Yang, Chaofei
InterFormer: Towards Effective Heterogeneous Interaction Learning for Click-Through Rate Prediction
Zeng, Zhichen, Liu, Xiaolong, Hang, Mengyue, Liu, Xiaoyi, Zhou, Qinghai, Yang, Chaofei, Liu, Yiqun, Ruan, Yichen, Chen, Laming, Chen, Yuxin, Hao, Yujia, Xu, Jiaqi, Nie, Jade, Liu, Xi, Zhang, Buyun, Wen, Wei, Yuan, Siyang, Wang, Kai, Chen, Wen-Yen, Han, Yiping, Li, Huayu, Yang, Chunzhi, Long, Bo, Yu, Philip S., Tong, Hanghang, Yang, Jiyan
Click-through rate (CTR) prediction, which predicts the probability of a user clicking an ad, is a fundamental task in recommender systems. The emergence of heterogeneous information, such as user profile and behavior sequences, depicts user interests from different aspects. A mutually beneficial integration of heterogeneous information is the cornerstone towards the success of CTR prediction. However, most of the existing methods suffer from two fundamental limitations, including (1) insufficient inter-mode interaction due to the unidirectional information flow between modes, and (2) aggressive information aggregation caused by early summarization, resulting in excessive information loss. To address the above limitations, we propose a novel module named InterFormer to learn heterogeneous information interaction in an interleaving style. To achieve better interaction learning, InterFormer enables bidirectional information flow for mutually beneficial learning across different modes. To avoid aggressive information aggregation, we retain complete information in each data mode and use a separate bridging arch for effective information selection and summarization. Our proposed InterFormer achieves state-of-the-art performance on three public datasets and a large-scale industrial dataset.
A Collaborative Ensemble Framework for CTR Prediction
Liu, Xiaolong, Zeng, Zhichen, Liu, Xiaoyi, Yuan, Siyang, Song, Weinan, Hang, Mengyue, Liu, Yiqun, Yang, Chaofei, Kim, Donghyun, Chen, Wen-Yen, Yang, Jiyan, Han, Yiping, Jin, Rong, Long, Bo, Tong, Hanghang, Yu, Philip S.
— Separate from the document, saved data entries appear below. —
(* There is no pair $(\Lambda,\Lambda')$, where $\Lambda$ is a well-rounded lattice of rank $9$ in a $9$-dimensional Euclidean space and $\Lambda'$ is a sublattice generated by $9$ linearly independent minimal vectors of $\Lambda$, such that $\Lambda/\Lambda'\cong(\mathbb Z/3\mathbb Z)^3$.
   Context: Minimal vectors of a lattice are its nonzero vectors of smallest norm $x\cdot x$; a lattice is well-rounded if its minimal vectors span the ambient space. *)

From HB Require Import structures.
From mathcomp Require Import all_boot all_order all_algebra.
From mathcomp Require Import reals.
Set Implicit Arguments. Unset Strict Implicit. Unset Printing Implicit Defensive.
Import Order.TTheory GRing.Theory Num.Theory.
Local Open Scope ring_scope.

Definition in_lattice (R : realType) (m n : nat) (B : 'M[R]_(m, n)) (x : 'rV[R]_n) : Prop :=
  exists z : 'rV[int]_m, x = map_mx (fun k : int => k%:~R) z *m B.

Definition dot (R : realType) (n : nat) (x y : 'rV[R]_n) : R := (x *m y^T) 0 0.

Definition minimal_vec (R : realType) (n : nat) (B : 'M[R]_n) (v : 'rV[R]_n) : Prop :=
  [/\ in_lattice B v, v != 0 &
      forall w, in_lattice B w -> w != 0 -> dot v v <= dot w w].

(* Well-rounded: the minimal vectors span the ambient space R^n, i.e. some
   finite family of minimal vectors (rows of M) spans R^n. *)
Definition well_rounded (R : realType) (n : nat) (B : 'M[R]_n) : Prop :=
  exists (k : nat) (M : 'M[R]_(k, n)), (forall i, minimal_vec B (row i M)) /\ row_full M.

(* Lambda / Lambda' is isomorphic to the abelian group G: there is an additive
   map from Lambda onto G whose kernel is exactly Lambda' (first iso theorem). *)
Definition quot_iso (R : realType) (n : nat) (B V : 'M[R]_n) (G : zmodType) : Prop :=
  exists f : 'rV[R]_n -> G,
    [/\ forall x y, in_lattice B x -> in_lattice B y -> f (x + y) = f x + f y,
        forall g : G, exists2 x, in_lattice B x & f x = g &
        forall x, in_lattice B x -> (f x = 0 <-> in_lattice V x)].

From mathcomp Require Import all_boot all_order all_algebra.
From mathcomp Require Import reals zify ring lra.
Set Implicit Arguments. Unset Strict Implicit. Unset Printing Implicit Defensive.
Import Order.TTheory GRing.Theory Num.Theory.
Local Open Scope ring_scope.

(* Let f : L -> (Z/3)^3 be the quotient map and e_1, ..., e_9 the minimal
   vectors (of norm mu) spanning L'.  Every t in (Z/3)^3 lifts to some y_t in L
   with 3 y_t = sum_i c_i(t) e_i, where c_i(t) in {-1, 0, 1} is the balanced
   residue of a linear form phi_i at t.  For t <> 0, comparing |y_t|^2 with
   |y_t - c_i(t) e_i|^2 >= mu shows that the ternary code t |-> (phi_i(t))_i has
   minimum weight at least 6.  Counting common zeros, together with a finite
   computation over the 27 forms, then forces the phi_i to be nonzero and
   pairwise independent, and for such forms sum_t c_i(t) c_j(t) = 18 [i = j].
   Hence sum_t |3 y_t|^2 = 9 * 18 mu = 162 mu, whereas each of the 26 nonzero t
   contributes at least 9 mu, i.e. 234 mu in total. *)

Definition trits : seq int := [:: -1; 0; 1].

Fixpoint trit_words (d : nat) : seq (seq int) :=
  if d is d'.+1 then [seq x :: s | x <- trits, s <- trit_words d'] else [:: [::]].

Lemma mem_trit_words d t :
  (t \in trit_words d) = (size t == d) && all (mem trits) t.
Proof.
elim: d t => [|d IH] t; first by case: t.
apply/allpairsP/idP => [[[x s] /= [xT + ->]]|].
  by rewrite IH /= eqSS xT.
case: t => [|x t] //= /and3P[st xT tT].
by exists (x, t); rewrite /= IH -eqSS st tT.
Qed.

Definition balmod3 (z : int) : int :=
  let r := (z %% 3)%Z in if r == 2 then -1 else r.

Lemma balmod3_trit z : balmod3 z \in trits.
Proof.
rewrite /balmod3; have : ((z %% 3 = 0) \/ (z %% 3 = 1) \/ (z %% 3 = 2))%Z by lia.
by case=> [->|[->|->]].
Qed.

Lemma balmod3E z : z = balmod3 z + ((z - balmod3 z) %/ 3)%Z * 3.
Proof.
rewrite /balmod3; have : ((z %% 3 = 0) \/ (z %% 3 = 1) \/ (z %% 3 = 2))%Z by lia.
by case=> [e|[e|e]]; rewrite e /=; lia.
Qed.

Definition bdot (a t : seq int) : int := balmod3 (\sum_(0 <= k < size a) a`_k * t`_k).

Definition common_zeros (a b : seq int) : nat :=
  count (fun t => [&& has (predC1 0) t, bdot a t == 0 & bdot b t == 0]) (trit_words 3).

Definition corr (a b : seq int) : int := \sum_(t <- trit_words 3) bdot a t * bdot b t.

Lemma count_nonzero_trit_words : count (has (predC1 0)) (trit_words 3) = 26%N.
Proof. by vm_compute. Qed.

(* A form [b] is either proportional to a nonzero form [a] (8 common zeros), or
   independent of it (2 common zeros), and then orthogonal to it. *)
Definition forms_dichotomy (a b : seq int) : bool :=
  ~~ has (predC1 0) a ||
  [&& common_zeros a a == 8, corr a a == 18 &
      (common_zeros a b == 8) || [&& common_zeros a b == 2, has (predC1 0) b & corr a b == 0]].

Lemma trit_forms_dichotomy : {in trit_words 3 &, forall a b, forms_dichotomy a b}.
Proof. by apply/allrelP; rewrite /forms_dichotomy /common_zeros /corr /bdot unlock; vm_compute. Qed.

Lemma bdot_zero_form a t : ~~ has (predC1 0) a -> bdot a t = 0.
Proof.
move/hasPn => a0; rewrite /bdot big_nat big1 // => k /andP[_ ka].
by have := a0 _ (mem_nth 0 ka); rewrite /= negbK => /eqP->; rewrite mul0r.
Qed.

Section TernaryCode.
Variable a : 'I_9 -> seq int.
Hypothesis a_words : forall i, a i \in trit_words 3.
Hypothesis a_weight : forall t, t \in trit_words 3 -> has (predC1 0) t ->
  (#|[pred i | bdot (a i) t == 0%R]| + 6 <= 9)%N.

(* Every nonzero point is a zero of at most three of the forms. *)
Lemma sum_common_zeros p :
  (\sum_i common_zeros (a p) (a i) <= 3 * common_zeros (a p) (a p))%N.
Proof.
rewrite /common_zeros.
under eq_bigr do rewrite -sum1_count big_mkcond.
rewrite -sum1_count big_distrr [X in (_ <= X)%N]big_mkcond exchange_big.
rewrite !big_seq; apply: leq_sum => t tw; rewrite andbb.
case: ifP => [/andP[tnz tp]|tp]; last by rewrite big1 // => i _; rewrite andbA tp.
by rewrite tnz tp /= -big_mkcond sum1_card -(leq_add2r 6); apply: a_weight.
Qed.

(* Each count [common_zeros (a p) (a i)] is at least 2, and it is 8 when
   [a i] is proportional to [a p]; sum_common_zeros leaves room for one 8 only. *)
Lemma nonzero_form_independent p j : has (predC1 0) (a p) -> j != p ->
  has (predC1 0) (a j) /\ corr (a p) (a j) = 0.
Proof.
move=> nzp jp.
have dich i : [&& common_zeros (a p) (a p) == 8, corr (a p) (a p) == 18 &
    (common_zeros (a p) (a i) == 8)
    || [&& common_zeros (a p) (a i) == 2, has (predC1 0) (a i) & corr (a p) (a i) == 0]].
  by have := trit_forms_dichotomy (a_words p) (a_words i); rewrite /forms_dichotomy nzp.
have cpp : common_zeros (a p) (a p) = 8 by case/and3P: (dich p) => /eqP.
have lb i : (2 + 6 * (common_zeros (a p) (a i) == 8) <= common_zeros (a p) (a i))%N.
  by case/and3P: (dich i) => _ _ /orP[/eqP->|/and3P[/eqP-> _ _]].
case/and3P: (dich j) => _ _ /orP[cj8|/and3P[_ -> /eqP->]] //; exfalso.
have : (\sum_i (2 + 6 * (common_zeros (a p) (a i) == 8)) <= 3 * common_zeros (a p) (a p))%N.
  apply: leq_trans (sum_common_zeros p).
  by apply: leq_sum => i _; exact: lb.
rewrite big_split /= -big_distrr /= big_const_ord /= (bigD1 p) //= (bigD1 j) //=.
rewrite cpp cj8 eqxx; move: (\sum_(i | _) _)%N => u; lia.
Qed.

Lemma exists_nonzero_form : exists p, has (predC1 0) (a p).
Proof.
have := a_weight (t := [:: 1; 0; 0]) isT isT.
case: (pickP [pred p | has (predC1 0) (a p)]) => [p nzp _|none]; first by exists p.
rewrite (eq_card (B := predT)) ?card_ord // => i.
by rewrite !inE /= bdot_zero_form ?(negbT (none i)).
Qed.

Lemma forms_orthogonal i j : corr (a i) (a j) = if i == j then 18 else 0.
Proof.
have [p nzp] := exists_nonzero_form.
have nz k : has (predC1 0) (a k).
  by case: (eqVneq k p) => [->|kp] //; case: (nonzero_form_independent nzp kp).
case: eqVneq => [<-|ij].
  by have := trit_forms_dichotomy (a_words i) (a_words i); rewrite /forms_dichotomy nz => /and3P[_ /eqP].
by case: (nonzero_form_independent (nz i) (_ : j != i)); rewrite // eq_sym.
Qed.

End TernaryCode.

Lemma Z3_mul3 d (g : 'rV['Z_3]_d) : g *+ 3 = 0.
Proof. by rewrite -scaler_nat (pchar_Zp (isT : 1 < 3)%N) scale0r. Qed.

Lemma trit_row_neq0 d t : t \in trit_words d -> has (predC1 0) t ->
  \row_(k < d) (t`_k)%:~R != 0 :> 'rV['Z_3]_d.
Proof.
rewrite mem_trit_words => /andP[/eqP st /allP tT] /(has_nthP 0)[k kt tk0].
have kd : (k < d)%N by rewrite -st.
apply/eqP => /rowP/(_ (Ordinal kd)); rewrite !mxE /=.
by move: tk0 (tT _ (mem_nth 0 kt)); rewrite !inE => /= /negPf-> /orP[]/eqP->.
Qed.

Section LatticeMembership.
Variables (R : realType) (m n : nat) (B : 'M[R]_(m, n)).

Lemma in_latticeP x :
  in_lattice B x <-> exists c : 'I_m -> int, x = \sum_i (c i)%:~R *: row i B.
Proof.
split=> [[z ->]|[c ->]]; first by exists (fun i => z 0 i); rewrite mulmx_sum_row;
  apply: eq_bigr => i _; rewrite mxE.
by exists (\row_i c i); rewrite mulmx_sum_row; apply: eq_bigr => i _; rewrite !mxE.
Qed.

Lemma in_lattice0 : in_lattice B 0.
Proof. by apply/in_latticeP; exists (fun=> 0); rewrite big1 // => i _; rewrite scale0r. Qed.

Lemma in_latticeD x y : in_lattice B x -> in_lattice B y -> in_lattice B (x + y).
Proof.
move=> /in_latticeP[c ->] /in_latticeP[c' ->]; apply/in_latticeP; exists (fun i => c i + c' i).
by rewrite -big_split; apply: eq_bigr => i _; rewrite intrD scalerDl.
Qed.

Lemma in_latticeZ (k : int) x : in_lattice B x -> in_lattice B (k%:~R *: x).
Proof.
move=> /in_latticeP[c ->]; apply/in_latticeP; exists (fun i => k * c i).
by rewrite scaler_sumr; apply: eq_bigr => i _; rewrite scalerA intrM.
Qed.

Lemma in_latticeB x y : in_lattice B x -> in_lattice B y -> in_lattice B (x - y).
Proof. by move=> xB /(in_latticeZ (-1)); rewrite mulrN1z scaleN1r; apply: in_latticeD. Qed.

Lemma in_latticeMn x k : in_lattice B x -> in_lattice B (x *+ k).
Proof. by move/(in_latticeZ k); rewrite -pmulrn scaler_nat. Qed.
Recent advances in foundation models have established scaling laws that enable the development of larger models to achieve enhanced performance, motivating extensive research into large-scale recommendation models. However, simply increasing the model size in recommendation systems, even with large amounts of data, does not always result in the expected performance improvements. In this paper, we propose a novel framework, Collaborative Ensemble Training Network (CETNet), to leverage multiple distinct models, each with its own embedding table, to capture unique feature interaction patterns. Unlike naive model scaling, our approach emphasizes diversity and collaboration through collaborative learning, where models iteratively refine their predictions. To dynamically balance contributions from each model, we introduce a confidence-based fusion mechanism using general softmax, where model confidence is computed via negation entropy. This design ensures that more confident models have a greater influence on the final prediction while benefiting from the complementary strengths of other models. We validate our framework on three public datasets (AmazonElectronics, TaobaoAds, and KuaiVideo) as well as a large-scale industrial dataset from Meta, demonstrating its superior performance over individual models and state-of-the-art baselines. Additionally, we conduct further experiments on the Criteo and Avazu datasets to compare our method with the multi-embedding paradigm. Our results show that our framework achieves comparable or better performance with smaller embedding sizes, offering a scalable and efficient solution for CTR prediction tasks.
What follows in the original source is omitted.